EDITING OF THE PRIMARY DATA
The collected data should be edited and then only it can be processed further.  While editing the data, the following points must be remembered.
  1. The data should be consistent.  That is, the answers obtained should not contradict one another.
  2. The answers should be complete and uniform in all respects.  If some, important questions are left unanswered then the respondent should be contacted again to complete the questionnaire.
  3. The answers should be checked for accuracy.  Inaccuracy due to mathematical errors is to be corrected.
  4. The data must be checked for homogeneity of answers.  For example, if one respondent has mentioned the gross pay and if the other has mentioned net pay after tax deduction, then these cannot be compared.
SECONDARY DATA
The data compiled through various published or unpublished sources is known as Secondary Data.  The following are the main sources of the secondary data.
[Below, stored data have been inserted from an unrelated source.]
(* Let $\alpha : I \to \mathbb{E}^4$ be an arclength parameterized curve (defined on an open interval $I$) with non-zero curvatures $\kappa_1,\kappa_2,\kappa_3$. Suppose two of its curvatures are constant. Then $\alpha$ is congruent to a rectifying curve if and only if one of the following holds: (i) $\kappa_1(s)=\kappa_1$, $\kappa_2(s)=\kappa_2$ are constants and $\kappa_3(s)=\pm \dfrac{1}{\sqrt{-s^2-2cs+c_1}}$ for some $\kappa_1,\kappa_2\in\mathbb{R}$ with $\kappa_1,\kappa_2>0$ and some $c,c_1\in\mathbb{R}$, where $-s^2-2cs+c_1>0$; (ii) $\kappa_2(s)=\kappa_2$, $\kappa_3(s)=\kappa_3$ are constants and $\kappa_1(s)=c_1\dfrac{\sin(\kappa_3 s+c_2)}{s+c}$ for some $\kappa_2>0$, $\kappa_3\in\mathbb{R}\setminus\{0\}$, $c,c_2\in\mathbb{R}$ and $c_1\in\mathbb{R}\setminus\{0\}$; (iii) $\kappa_1(s)=\kappa_1$, $\kappa_3(s)=\kappa_3$ are constants and $\kappa_2(s)=c_2(s+c)\sec(\kappa_3 s+c_1)$ for some $\kappa_1>0$, $\kappa_3\in\mathbb{R}\setminus\{0\}$, $c,c_1\in\mathbb{R}$ and $c_2\in\mathbb{R}\setminus\{0\}$.
   Context: For an arclength parameterized curve $\alpha$ in $\mathbb{E}^4$ (sufficiently differentiable) one has the Frenet frame $T,N,B_1,B_2$ (orthonormal) with curvatures $\kappa_1,\kappa_2,\kappa_3$ satisfying $T'=\kappa_1 N$, $N'=-\kappa_1 T+\kappa_2 B_1$, $B_1'=-\kappa_2 N+\kappa_3 B_2$, $B_2'=-\kappa_3 B_1$, where $\kappa_1,\kappa_2>0$. ''Non-zero curvatures'' means no curvature is identically zero. A curve $\alpha$ is a rectifying curve if there is a fixed point $p$ such that for all $s$, $\langle \alpha(s)-p, N(s)\rangle = 0$, i.e. the orthogonal complement of $N(s)$ (through $\alpha(s)$) contains $p$. *)

From HB Require Import structures.
From mathcomp Require Import all_boot all_order all_algebra.
From mathcomp Require Import all_classical all_reals all_analysis.
Set Implicit Arguments. Unset Strict Implicit. Unset Printing Implicit Defensive.
Import Order.TTheory GRing.Theory Num.Theory.
Import numFieldNormedType.Exports.
Local Open Scope classical_set_scope.
Local Open Scope ring_scope.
a)      Various Central or State Government publications supply reliable data, on many social and economic activities.  For example, Census reports, Pay Commission reports, monthly or annual publications like Bulletin on Index of Industrial Production, Retail Price Bulletin, Estimates or national product etc.
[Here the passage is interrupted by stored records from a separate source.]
Lemma nonneg_solvable_block (z : 'rV[R]_k) :
  Zmatrix M -> nonneg_solvable N -> nonneg_row z -> z *m N = - r ->
  0 < a + (z *m c) 0 0 -> nonneg_solvable M.
Proof.
case/Zmatrix_block=> _ _ c_le0 solN z_ge0 zN s_gt0 y.
have [y0 [y' ->]] := row_mx_scalar_cases y; case/nonneg_row_mxP=> y0_ge0 y'_ge0.
have [x' x'_ge0 x'N] := solN _ y'_ge0.
have x'c_le0 := row_mul_col_le0 x'_ge0 c_le0.
pose x0 := (y0 - (x' *m c) 0 0) / (a + (z *m c) 0 0).
have x0_ge0 : 0 <= x0 by rewrite divr_ge0 ?(ltW s_gt0) // subr_ge0 (le_trans x'c_le0).
have x0s : x0 * (a + (z *m c) 0 0) = y0 - (x' *m c) 0 0 by rewrite divfK ?gt_eqF.
exists (row_mx x0%:M (x' + x0 *: z)).
  apply/nonneg_row_mxP; split=> // j.
  by rewrite !mxE; apply: addr_ge0 (x'_ge0 j) (mulr_ge0 x0_ge0 (z_ge0 j)).
rewrite mul_row_block_scalar !mulmxDl -!scalemxAl zN x'N scalerN addrCA subrr addr0.
by congr (row_mx _%:M _); rewrite mxE [(x0 *: (z *m c)) 0 0]mxE; lra.
Qed.

End Block.

Lemma semipositive_Zmatrix_det_gt0 k (M : 'M[R]_k) :
  Zmatrix M -> semipositive M -> 0 < \det M /\ nonneg_solvable M.
Proof.
elim: k M => [|k IH] M ZM semM.
  split=> [|y _]; first by rewrite det_mx00.
  by exists 0; [case | apply/matrixP => ? []].
have [a [r [c [N def_M]]]] := block_mx_scalar_cases (M : 'M_(1 + k)).
rewrite {M}def_M in ZM semM *.
have [ZN _ _] := Zmatrix_block ZM.
have [detN_gt0 solN] := IH N ZN (semipositive_block_drsub ZM semM).
have Nu : N \in unitmx by rewrite unitmxE unitfE gt_eqF.
have [z z_ge0 zN] := Zmatrix_block_schur_vector ZM solN.
have s_gt0 := schur_complement_gt0 ZM solN Nu zN semM.
split; first by rewrite (det_block_schur _ _ zN) mulr_gt0.
exact: nonneg_solvable_block ZM solN z_ge0 zN s_gt0.
Qed.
b)     Various international institutions publish the reports on matters of international importance.  Organizations like W.H.O., I.M.F., U.N.O., I.B.R.D., regularly publish official reports.
c)      Semi-official publications of corporations like municipal corporations, Life Insurance Corporation of India, etc.
d)     Publications of private bodies like Chambers of Commerce, Institute of Chartered Accountants, Institute of Bankers provide secondary data, on various issues.
e)      Periodicals like Economic Weekly, Commerce, Economic Times supply reliable information.
f)      Various universities, research organizations collect data in different fields which can be used as Secondary data.
g)     Some reference books also supply information over a long period.
h)     There are also sources like records of government departments, trade union offices, railways, state transport offices which can be used as secondary data. 
The secondary data should be carefully checked before using it in any investigation.  The data should be suitable and adequate for the investigation.  The information should be checked for the reliability and accuracy of data.  The integrity of the investigators or enumerators should be ascertained.  The secondary data should never be accepted at its face value without checking.
We have seen different methods of data collection.  If the data is collected for all units of the population, it is called Census and if it is collected only for a sample then it is called a Sample Survey.